Courier-Journal, Louisville, Ky., on Agitprop comes to Senate race:

Is it really only January?

Election Day is still nine months away. But already Kentucky's senior Sen. Mitch McConnell, a Louisville Republican, has taken political bombast to new extremes with his astonishingly false claim that an opponent likened him to a Nazi.

And that's an impressive accomplishment for the five-term politician known for his mastery of agitprop, political propaganda designed to agitate.

The fake controversy erupted after state Rep. Greg Stumbo, a Prestonsburg Democrat, last week spoke at a campaign event for Alison Lundergan Grimes, a Lexington Democrat hoping to unseat McConnell in November.

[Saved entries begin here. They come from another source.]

(* Let $n\ge1$, $0\le c_0<c_1<\dots<c_n$, $v_0\ge v_1\ge\dots\ge v_n>0$, $0\le\rho_k<\frac{v_k}{2}$ ($k=0,\dots,n$), and let $B=(b_{jk})_{j,k=0}^n$ with $b_{jk}=v_k-c_k$ if $j>k$, $b_{kk}=\frac{v_k}{2}-c_k-\rho_k$, $b_{jk}=-c_j$ if $j<k$. Let $\mathbf{p}$ be the ESS for $B$. If $j<n$ and $c_j\ge c_n+\rho_n-\frac12v_n$, then $p_j=0$.
   Context: Strategies are indexed $0,\dots,n$, $\overline\Delta=\{\mathbf{q}\in[0,1]^{n+1}:\sum q_j=1\}$. $\mathbf{p}\in\overline\Delta$ is an ESS for $B$ if (i) $\mathbf{p}^TB\mathbf{p}\ge\mathbf{q}^TB\mathbf{p}$ for all $\mathbf{q}\in\overline\Delta$ and (ii) whenever $\mathbf{q}\ne\mathbf{p}$ and $\mathbf{p}^TB\mathbf{p}=\mathbf{q}^TB\mathbf{p}$, then $\mathbf{p}^TB\mathbf{q}>\mathbf{q}^TB\mathbf{q}$. For such $B$ an ESS exists and is unique. *)

From mathcomp Require Import all_boot all_order all_algebra.
Set Implicit Arguments. Unset Strict Implicit. Unset Printing Implicit Defensive.
Import Order.TTheory GRing.Theory Num.Theory.
Local Open Scope ring_scope.

Definition in_simplex (R : realFieldType) (n : nat) (q : 'I_n.+1 -> R) : Prop :=
  (forall j, 0 <= q j <= 1) /\ \sum_(j < n.+1) q j = 1.

Definition payoff (R : realFieldType) (n : nat) (B : 'M[R]_n.+1)
  (x y : 'I_n.+1 -> R) : R :=
  \sum_(j < n.+1) \sum_(k < n.+1) x j * B j k * y k.

Definition is_ESS (R : realFieldType) (n : nat) (B : 'M[R]_n.+1)
  (p : 'I_n.+1 -> R) : Prop :=
  in_simplex p /\
  (forall q, in_simplex q -> payoff B q p <= payoff B p p) /\
  (forall q, in_simplex q -> q <> p -> payoff B p p = payoff B q p ->
     payoff B q q < payoff B p q).

Definition Bmat (R : realFieldType) (n : nat) (c v rho : 'I_n.+1 -> R)
  : 'M[R]_n.+1 :=
  \matrix_(j, k)
    (if (k < j)%N then v k - c k
     else if j == k then v k / 2 - c k - rho k
     else - c j).

From mathcomp Require Import all_boot all_order all_algebra.
From mathcomp Require Import ring lra.
Set Implicit Arguments. Unset Strict Implicit. Unset Printing Implicit Defensive.
Import Order.TTheory GRing.Theory Num.Theory.
Local Open Scope ring_scope.

(** Suppose some [j < n] is played by the ESS [p]; let [s] be the largest
    index below [n] in the support of [p].  As [p] is a best reply to itself,
    every pure strategy in its support earns a maximal payoff against [p], so
    [(B p)_n <= (B p)_s].  But against a population with no mass strictly
    between [s] and [n], the row difference gives
    [(B p)_n - (B p)_s = (v_s/2 + rho_s) p_s + (c_s + v_n/2 - c_n - rho_n) p_n],
    which is positive because [p_s > 0] and [c_s >= c_j]. *)

Section Games.
Variables (R : realFieldType) (n : nat).
Implicit Types (B : 'M[R]_n.+1) (p x y : 'I_n.+1 -> R) (s t : 'I_n.+1).

Definition pure_payoff B y s : R := \sum_(k < n.+1) B s k * y k.

Lemma payoffE B x y : payoff B x y = \sum_(i < n.+1) x i * pure_payoff B y i.
Proof.
apply: eq_bigr => i _; rewrite /pure_payoff mulr_sumr.
by apply: eq_bigr => k _; rewrite mulrA.
Qed.

Lemma in_simplexP p :
  (forall i, 0 <= p i) -> \sum_(i < n.+1) p i = 1 -> in_simplex p.
Proof.
move=> p_ge0 p_sum; split=> // i; rewrite p_ge0 -p_sum (bigD1 i) //=.
by rewrite lerDl sumr_ge0.
Qed.

Definition transfer p s t i : R := p i + p s * ((i == t)%:R - (i == s)%:R).

Lemma sum_delta (u : 'I_n.+1 -> R) t : \sum_(i < n.+1) (i == t)%:R * u i = u t.
Proof.
by rewrite (bigD1 t) //= eqxx mul1r big1 ?addr0 // => i /negbTE ->; rewrite mul0r.
Qed.

Lemma in_simplex_transfer p s t : in_simplex p -> in_simplex (transfer p s t).
Proof.
case=> p01 p_sum; have p_ge0 i : 0 <= p i by case/andP: (p01 i).
apply: in_simplexP => [i|].
  rewrite /transfer; case: (eqVneq i s) => [->|ns].
    case: (eqVneq s t) => [->|st]; first by rewrite subrr mulr0 addr0.
    by rewrite sub0r mulrN1 subrr.
  case: (eqVneq i t) => [->|nt]; first by rewrite subr0 mulr1 addr_ge0.
  by rewrite subrr mulr0 addr0.
rewrite /transfer big_split /= -mulr_sumr sumrB.
have sum_eq u : \sum_(i < n.+1) (i == u)%:R = 1 :> R.
  by rewrite -[RHS](sum_delta (fun=> 1) u); apply: eq_bigr => i _; rewrite mulr1.
by rewrite !sum_eq subrr mulr0 addr0.
Qed.

Lemma payoff_transfer B p y s t :
  payoff B (transfer p s t) y =
  payoff B p y + p s * (pure_payoff B y t - pure_payoff B y s).
Proof.
rewrite !payoffE /transfer.
under eq_bigr do rewrite mulrDl -mulrA mulrBl.
by rewrite big_split /= -mulr_sumr sumrB !sum_delta.
Qed.

Lemma ESS_pure_payoff_le B p s t :
  is_ESS B p -> 0 < p s -> pure_payoff B p t <= pure_payoff B p s.
Proof.
case=> p_simplex [p_nash _] ps_gt0.
have := p_nash _ (in_simplex_transfer s t p_simplex).
by rewrite payoff_transfer gerDl pmulr_rle0 // subr_le0.
Qed.

End Games.

Lemma pure_payoff_Bmat_last_sub (R : realFieldType) (n : nat)
    (c v rho p : 'I_n.+1 -> R) (s : 'I_n.+1) :
  (s < n)%N -> (forall k : 'I_n.+1, (s < k < n)%N -> p k = 0) ->
  pure_payoff (Bmat c v rho) p ord_max - pure_payoff (Bmat c v rho) p s =
  (v s / 2 + rho s) * p s +
  (c s + v ord_max / 2 - c ord_max - rho ord_max) * p ord_max.
Proof.
move=> s_lt_n p_gap; have s_max : s != ord_max by rewrite -val_eqE /= ltn_eqF.
rewrite /pure_payoff -sumrB (bigD1 s) // (bigD1 ord_max) 1?eq_sym //= addrA.
rewrite !mxE /= !ltnn s_lt_n (leq_gtF (ltnW s_lt_n)) !eqxx (negbTE s_max).
rewrite big1 ?addr0; first by field.
move=> k /andP[k_s k_max]; rewrite !mxE.
have k_lt_n : (k < n)%N by move: k_max; rewrite -val_eqE ltn_neqAle -ltnS ltn_ord andbT.
case: (ltngtP k s) => [_|s_lt_k|/val_inj k_eq_s]; last by rewrite k_eq_s eqxx in k_s.
  by rewrite /= k_lt_n subrr.
by rewrite p_gap ?s_lt_k ?k_lt_n // !mulr0 subrr.
Qed.

Theorem lemma5p2 (R : realFieldType) (n : nat) (c v rho p : 'I_n.+1 -> R)
  (hn : (1 <= n)%N)
  (hc0 : 0 <= c ord0)
  (hc : forall j k : 'I_n.+1, (j < k)%N -> c j < c k)
  (hv : forall j k : 'I_n.+1, (j <= k)%N -> v k <= v j)
  (hvn : 0 < v ord_max)
  (hrho : forall k, 0 <= rho k /\ rho k < v k / 2)
  (hp : is_ESS (Bmat c v rho) p)
  (j : 'I_n.+1) (hj : (j < n)%N)
  (hcj : c ord_max + rho ord_max - v ord_max / 2 <= c j) :
  p j = 0.
Proof.
have [[p01 _] _] := hp; have p_ge0 i : 0 <= p i by case/andP: (p01 i).
apply/eqP; rewrite eq_le p_ge0 andbT leNgt; apply/negP => pj_gt0.
pose supp_below_n (i : 'I_n.+1) := (i < n)%N && (0 < p i).
have [|s /andP[s_lt_n ps_gt0] s_last] := @arg_maxnP _ j supp_below_n val.
  by rewrite /supp_below_n hj pj_gt0.
have p_gap (k : 'I_n.+1) : (s < k < n)%N -> p k = 0.
  case/andP=> s_lt_k k_lt_n; apply/eqP; rewrite eq_le p_ge0 andbT leNgt.
  apply/negP => pk_gt0; have := s_last k.
  by rewrite /supp_below_n k_lt_n pk_gt0 /= leqNgt s_lt_k => /(_ isT).
have cj_le_cs : c j <= c s.
  have := s_last j; rewrite /supp_below_n hj pj_gt0 /= leq_eqVlt => /(_ isT).
  by case/orP=> [/eqP/val_inj->|/hc/ltW].
have vs_gt0 : 0 < v s by apply: lt_le_trans hvn (hv _ _ _); rewrite ltnW.
have [rhos_ge0 _] := hrho s; have pn_ge0 := p_ge0 ord_max.
have := ESS_pure_payoff_le ord_max hp ps_gt0.
rewrite -subr_le0 pure_payoff_Bmat_last_sub // leNgt => /negP; apply.
rewrite ltr_pwDl ?mulr_gt0 ?mulr_ge0 //; lra.
Qed.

Stumbo compared a Grimes win to the Allied liberation of Europe after World War II.

"Can you imagine what it felt like to know you were liberating a country?" he asked, according to The Courier-Journal's Joseph Gerth. "Well, you are about to liberate your state ... from the worst reign of mis-abuse that we've seen in the last 30 years."

The McConnell campaign fired off a press release denouncing "hateful rhetoric" it said compared him to a Nazi. It also demanded an apology from Stumbo.

An amused Stumbo was not contrite, calling the claim "ridiculous," noting that he neither called McConnell a Nazi nor did he call him a U.S. senator.

"One name is too bad for him and one is too good," the wily legislator said.

The senator has played this card before: McConnell's campaign didn't hesitate last year to lash out at "Gestapo tactics" of two feckless Democratic operatives who secretly recorded him with campaign staff plotting to attack a potential opponent for past bouts of depression.

And he didn't express any concern whatsoever in 1998 when fellow Republican Jim Bunning, running for re-election to Kentucky's other Senate seat, released a television ad of his Democratic challenger engaged in an arm-waving rant critics said recalled images of Adolph Hitler's frenzied speeches.

Lest anyone miss the point, the ad dubbed in as background music "Ride of the Valkyries" by Richard Wagner, a composer who happened to be greatly admired by the Nazis because of his strong anti-Semitic views.

McConnell at the time acknowledged he had reviewed the ad and saw no problems with it.

His latest blast, as Stumbo said, is ridiculous. But never underestimate McConnell's grasp of propaganda, true or false, or his understanding of its power.